PROMPT:
Go over the data below line by line, and state how many lines contain the string "Notation". Give the number only.

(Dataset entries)
###
(* Let $\Bbbk$ be a field, let $\mathrm{Var}$ be a variety of $\Bbbk$-algebras with one binary product defined by a set of polylinear identities, and let $\text{tri-}\mathrm{Var}$ be the corresponding replicated variety of tri-algebras. Let $X$ be a set, $\dot X=\{\dot x\mid x\in X\}$ a disjoint copy of $X$, $F=\mathrm{Var}\langle X\cup\dot X\rangle$, $\varphi:F\to F$ the algebra homomorphism with $\varphi(x)=\varphi(\dot x)=x$ ($x\in X$), and $F^{(3)}$ the space $F$ with operations $f\vdash g=\varphi(f)g$, $f\dashv g=f\varphi(g)$, $f\perp g=fg$. Let $V$ be the subalgebra of $F^{(3)}$ generated by $\dot X$. Then $V$ is isomorphic to the free algebra in $\text{tri-}\mathrm{Var}$ generated by $X$; more precisely, for every $A\in\text{tri-}\mathrm{Var}$ and every map $\alpha:X\to A$ there is a unique homomorphism of tri-algebras $\chi:V\to A$ with $\chi(\dot x)=\alpha(x)$ for all $x\in X$.
   Context: Tri-algebras: linear spaces with three bilinear operations $\dashv$ (=$\mu_{\{1\}}$), $\vdash$ (=$\mu_{\{2\}}$), $\perp$ (=$\mu_{\{1,2\}}$). For a polylinear element $\Phi(x_1,\dots,x_n)$ of the free algebra in one binary operation $\mu$ and nonempty $H\subseteq\{1,\dots,n\}$, $\Phi_H$ is obtained by viewing each monomial as a binary rooted tree with leaves $x_1,\dots,x_n$, marking the leaves $x_i$, $i\in H$, and replacing the label $\mu$ at each node by $\mu_S$, where $S\subseteq\{1,2\}$ is the set of branches (left=1, right=2) containing a marked leaf, or by $\mu_{\{1\}}$ if $S=\varnothing$. The variety $\text{tri-}\mathrm{Var}$ consists of tri-algebras satisfying $(a* b)\vdash c=(a\star b)\vdash c$ and $a\dashv(b* c)=a\dashv(b\star c)$ for all $*,\star\in\{\vdash,\dashv,\perp\}$, and $\Phi_H=0$ for every defining polylinear identity $\Phi$ of $\mathrm{Var}$ of degree $n$ and every nonempty $H\subseteq\{1,\dots,n\}$. *)

From HB Require Import structures.
From mathcomp Require Import all_boot all_order all_algebra.
Set Implicit Arguments. Unset Strict Implicit. Unset Printing Implicit Defensive.
Import GRing.Theory.
Local Open Scope ring_scope.
Lemma bd1_supp2 (e1 e2 : {set 'I_n}) (h1 h2 : poly2 R) v : e1 != e2 ->
  bd1 F (fun e => if e == e1 then h1 else if e == e2 then h2 else 0) v =
  (if interior_edge F e1 then incid R e1 [set v] * h1 else 0) +
  (if interior_edge F e2 then incid R e2 [set v] * h2 else 0).
Proof.
move=> e12; have e21 : e2 != e1 by rewrite eq_sym.
rewrite /bd1 big_mkcond (bigD1 e1) //= (bigD1 e2) /= ?e21 //.
rewrite [X in _ + (_ + X)]big1 => [|e /andP [/negbTE -> /negbTE ->]]; last first.
  by rewrite mulr0; case: ifP.
by rewrite addr0 eqxx (negbTE e21) eqxx.
Qed.

Variables (x y z : 'I_n).
Hypotheses (sF : [set x; y; z] \in F) (xy : x != y) (xz : x != z) (yz : y != z).
Lemma connect_clos_refl_trans (e : rel T) (E : relation T) :
  (forall x y, e x y -> E x y) -> forall x y, connect e x y -> clos_refl_trans T E x y.
Proof.
move=> sub_eE x _ /connectP[p + ->]; elim: p x => [|z p IHp] x /=.
  by move=> _; apply: rt_refl.
by case/andP=> /sub_eE exz /IHp; apply: rt_trans; apply: rt_step.
Qed.

(* A vertex minimising its set of ancestors lies on a cycle through its predecessor. *)
Lemma exists_cycle (e : rel T) (x0 : T) :
  (forall y, exists x, e x y) -> exists x y, e x y /\ connect e y x.
Proof.
move=> has_pred.
have [y _ min_y] := @arg_minnP _ x0 predT (fun y => #|[set z | connect e z y]|) isT.
have [x exy] := has_pred y; exists x, y; split=> //.
have sub_anc : [set z | connect e z x] \subset [set z | connect e z y].
  by apply/subsetP => z; rewrite !inE => /connect_trans; apply; apply: connect1.
have /setP/(_ y) : [set z | connect e z x] = [set z | connect e z y].
  by apply/eqP; rewrite eqEcard sub_anc min_y.
by rewrite !inE connect0.
Qed.

End Digraphs.

Section PermutationLetters.
Variables (Q Sigma : finType) (delta : Sigma -> Q -> Q).

Local Notation act := (act delta).
Local Notation perml := (is_perm_letter delta).
Local Notation Pi := (in_Pi_i delta).

Lemma act_rcons q w a : act q (rcons w a) = delta a (act q w).
Proof. by rewrite /Defs.act foldl_rcons. Qed.

Lemma act_cat q w1 w2 : act q (w1 ++ w2) = act (act q w1) w2.
Proof. by rewrite /Defs.act foldl_cat. Qed.

Lemma all_perm_letterP w : reflect (injective (act^~ w)) (all perml w).
Proof.
apply: (iffP idP).
  elim: w => [_ ? ? //|a w IHw] /= /andP[/injectiveP inj_a /IHw inj_w] q1 q2.
  by move/inj_w/inj_a.
elim: w => [//|a w IHw] inj_aw.
have inj_a : injective (delta a) by move=> q1 q2 eq12; apply: inj_aw; rewrite /= eq12.
apply/andP; split; first exact/injectiveP.
apply: IHw => r1 r2.
have [g gK Kg] := injF_bij inj_a.
by rewrite -(Kg r1) -(Kg r2) => /inj_aw ->.
Qed.

Lemma in_Pi_i_mono i j w : i <= j -> Pi i w -> Pi j w.
Proof. by move=> le_ij /andP[perm_w size_w]; rewrite /in_Pi_i perm_w (leq_trans size_w). Qed.

Lemma in_Pi_i_rcons i w a : perml a -> Pi i w -> Pi i.+1 (rcons w a).
Proof.
by move=> perm_a /andP[perm_w size_w]; rewrite /in_Pi_i all_rcons perm_a perm_w size_rcons.
Qed.

Hypothesis full : full_transition_monoid delta.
###
EXPECTED OUTPUT:
3